Antara kaum sofis dan Socrates dalan kajian filsafatnya itu tidaklah jauh berbeda. Dimana mereka sama-sama membahas entang manusia, etika, moral dan politik. Yang mana jauh dari filsafat sebelumnya. Namun diantara keduanya memiliki satu perbedaan yang sangat penting. Mnurut kaum sofis, suatu kebenaran itu adalah relatif; sedangkan menurut Socrates ada kebenaran yang objektif dan juga universal.
Sesuai dengan arti dari kata sofis yaitu pandai dan cerdik.
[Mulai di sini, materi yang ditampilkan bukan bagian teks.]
Lemma mx2_mul a b c d a' b' c' d' :
  mx2 a b c d *m mx2 a' b' c' d' =
  mx2 (a * a' + b * c') (a * b' + b * d') (c * a' + d * c') (c * b' + d * d').
Proof. by rewrite /mx2 mulmx_block -!scalar_mxM -!raddfD. Qed.

Lemma tr_mx2 a b c d : (mx2 a b c d)^T = mx2 a c b d.
Proof. by rewrite /mx2 tr_block_mx !tr_scalar_mx. Qed.

Lemma scalar_mx2 a : a%:M = mx2 a 0 0 a.
Proof. by rewrite /mx2 raddf0 -scalar_mx_block. Qed.

Lemma scale_mx2 k a b c d : k *: mx2 a b c d = mx2 (k * a) (k * b) (k * c) (k * d).
Proof. by rewrite /mx2 scale_block_mx -!scale_scalar_mx. Qed.

Lemma diag_mx2 a b : diag_mx (row2 a b) = mx2 a 0 0 b.
Proof.
rewrite /mx2 /row2 diag_mx_row raddf0.
by congr block_mx; apply/matrixP => i j; rewrite !ord1 !mxE.
Qed.

End Mx2.

Lemma map_mx2 (R S : nzRingType) (f : {rmorphism R -> S}) a b c d :
  map_mx f (mx2 a b c d) = mx2 (f a) (f b) (f c) (f d).
Proof. by rewrite /mx2 map_block_mx !map_scalar_mx. Qed.

Lemma map_row2 (R S : nzRingType) (f : R -> S) a b :
  map_mx f (row2 a b) = row2 (f a) (f b).
Proof. by rewrite /row2 map_row_mx; congr row_mx; apply/matrixP => i j; rewrite !ord1 !mxE. Qed.

Lemma mx2_unit (F : fieldType) (r a b : F) : a != 0 -> b != 0 -> mx2 r a b 0 \in unitmx.
Proof.
move=> a0 b0; suff /mulmx1_unit[] : mx2 r a b 0 *m mx2 0 b^-1 a^-1 (- r / (a * b)) = 1%:M by [].
by rewrite mx2_mul scalar_mx2; congr mx2; field; rewrite ?a0 ?b0.
Qed.

Section Adjoint.
Variable C : numClosedFieldType.

Lemma adjmxE m n (A : 'M[C]_(m, n)) i j : adjmx A i j = (A j i)^*.
Proof. by rewrite !mxE. Qed.

Lemma adjmxM m n p (A : 'M[C]_(m, n)) (B : 'M[C]_(n, p)) :
  adjmx (A *m B) = adjmx B *m adjmx A.
Proof. by rewrite /adjmx trmx_mul map_mxM. Qed.

Lemma adjmxD m n (A B : 'M[C]_(m, n)) : adjmx (A + B) = adjmx A + adjmx B.
Proof. by rewrite /adjmx linearD map_mxD. Qed.

Lemma adjmxZ m n a (A : 'M[C]_(m, n)) : adjmx (a *: A) = a^* *: adjmx A.
Proof. by apply/matrixP=> i j; rewrite !mxE rmorphM. Qed.

Lemma adjmxK m n (A : 'M[C]_(m, n)) : adjmx (adjmx A) = A.
Proof. exact: trmxCK. Qed.

Lemma adjmx_row_mx m n1 n2 (A1 : 'M[C]_(m, n1)) (A2 : 'M[C]_(m, n2)) :
  adjmx (row_mx A1 A2) = col_mx (adjmx A1) (adjmx A2).
Proof. by rewrite /adjmx tr_row_mx map_col_mx. Qed.

Lemma cdotE n (u v : 'cV[C]_n) : cdot u v = \sum_i (u i 0)^* * v i 0.
Proof. by rewrite /cdot mxE; apply: eq_bigr => i _; rewrite adjmxE. Qed.

Lemma cdotC n (u v : 'cV[C]_n) : cdot v u = (cdot u v)^*.
Proof.
rewrite !cdotE rmorph_sum; apply: eq_bigr => i _.
by rewrite rmorphM /= conjCK mulrC.
Qed.

Lemma cdotZr n a (u v : 'cV[C]_n) : cdot u (a *: v) = a * cdot u v.
Proof. by rewrite /cdot -scalemxAr mxE. Qed.

Lemma cdotZl n a (u v : 'cV[C]_n) : cdot (a *: u) v = a^* * cdot u v.
Proof. by rewrite cdotC cdotZr rmorphM /= -cdotC. Qed.

Lemma mul_adjmx_cV n (u v : 'cV[C]_n) : adjmx u *m v = (cdot u v)%:M.
Proof. by apply/matrixP=> i j; rewrite !ord1 [RHS]mxE mulr1n. Qed.

Lemma cdot_gt0 n (u : 'cV[C]_n) : u != 0 -> 0 < cdot u u.
Proof.
have ge0 i : 0 <= (u i 0)^* * u i 0 by rewrite mulrC mul_conjC_ge0.
rewrite lt_def cdotE sumr_ge0 ?andbT // => u0.
apply: contraNneq u0 => /psumr_eq0P u0; apply/eqP/matrixP => i j.
by rewrite ord1 mxE; apply/eqP; rewrite -mul_conjC_eq0 mulrC u0.
Qed.

Lemma cdot_eq1_neq0 n (u : 'cV[C]_n) : cdot u u = 1 -> u != 0.
Proof.
apply: contra_eqN => /eqP ->; rewrite cdotE big1 => [|i _]; last by rewrite mxE mulr0.
by rewrite eq_sym oner_neq0.
Qed.

Lemma orthonormal2_row_mx n (u1 u2 : 'cV[C]_n) :
  orthonormal2 u1 u2 <-> adjmx (row_mx u1 u2) *m row_mx u1 u2 = 1%:M.
Proof.
rewrite adjmx_row_mx mul_col_row !mul_adjmx_cV (scalar_mx_block 1 1).
split=> [[u11 u22 u12]|/eq_block_mx[]].
  by rewrite [cdot u2 u1]cdotC u11 u22 u12 conjC0 raddf0.
by move=> /matrixP/(_ 0 0) + /matrixP/(_ 0 0) + _ /matrixP/(_ 0 0); rewrite !mxE !mulr1n.
Qed.

Lemma orthonormal2_scale n (u1 u2 : 'cV[C]_n) k1 k2 :
  k1^* * k1 * cdot u1 u1 = 1 -> k2^* * k2 * cdot u2 u2 = 1 -> cdot u1 u2 = 0 ->
  orthonormal2 (k1 *: u1) (k2 *: u2).
Proof. by move=> u11 u22 u12; split; rewrite cdotZl cdotZr mulrA // u12 mulr0. Qed.

Lemma mul_row_mx2_adjmx n (u1 u2 v1 v2 : 'cV[C]_n) a b c d :
  row_mx u1 u2 *m mx2 a b c d *m adjmx (row_mx v1 v2) =
  (a *: u1 + c *: u2) *m adjmx v1 + (b *: u1 + d *: u2) *m adjmx v2.
Proof. by rewrite mul_row_block !mul_mx_scalar adjmx_row_mx mul_row_col. Qed.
Mereka kaum sofis adalah orang-orang yang pandai berpidato dan berdebat. Namun pada saat itu kepandaian dan keterampilan mereka dalam berdebat itu disalahgunakan. Dalam filsafatnya menurut kaum sofis kebenaran itu adalah relatif.
Sedangkan dalam filsafat yang dikemukan Socrates yag mana kebenaran itu ada yang objektif dan universal. Dalam metodenya Socrates menggunakan metode dialektika yang artinya bercakap-cakap atau berdialog. Filsafat Socrates juga banyak membahas mengenai masalah-masalah etika. Ia beranggapan bahwa yang paling utama dalam kehidupan bukanlah kekayaan atau pun kehormatan, melainkan kesehatan jiwa. Prasyarat  utama dalam hidup manusia adalah jiwa yang sehat. Dan tujuan hidup yang paling utama adalah kebahagian ( eudaimonia / happiness). Menurut Socrates bahwa eudaimonia merupakan tujuan utama kehidupan. Jalan atau cara untuk mencapai kebahagiaan adalah arete (kebajikan). Orang yang bajik adalah orang yang mampu hidup bahagia.
B.         Perumusan Masalah
1.      Apakah yang dimaksud dengan sofis?
2.      Bagaimanakah ajaran filsafat ketika dipengaruhi oleh doktrin-doktrin sofisme?
3.      Siapa sajakah tokoh para sofisme dalam kajian filsafatnya?
4.      Bagaimanakah pemikiran socrates yang berkembang bersamaan dengan mazhab sofis?
5.      Adakah perbedaan antara sofisme dan socrates dalam kajian filsafat?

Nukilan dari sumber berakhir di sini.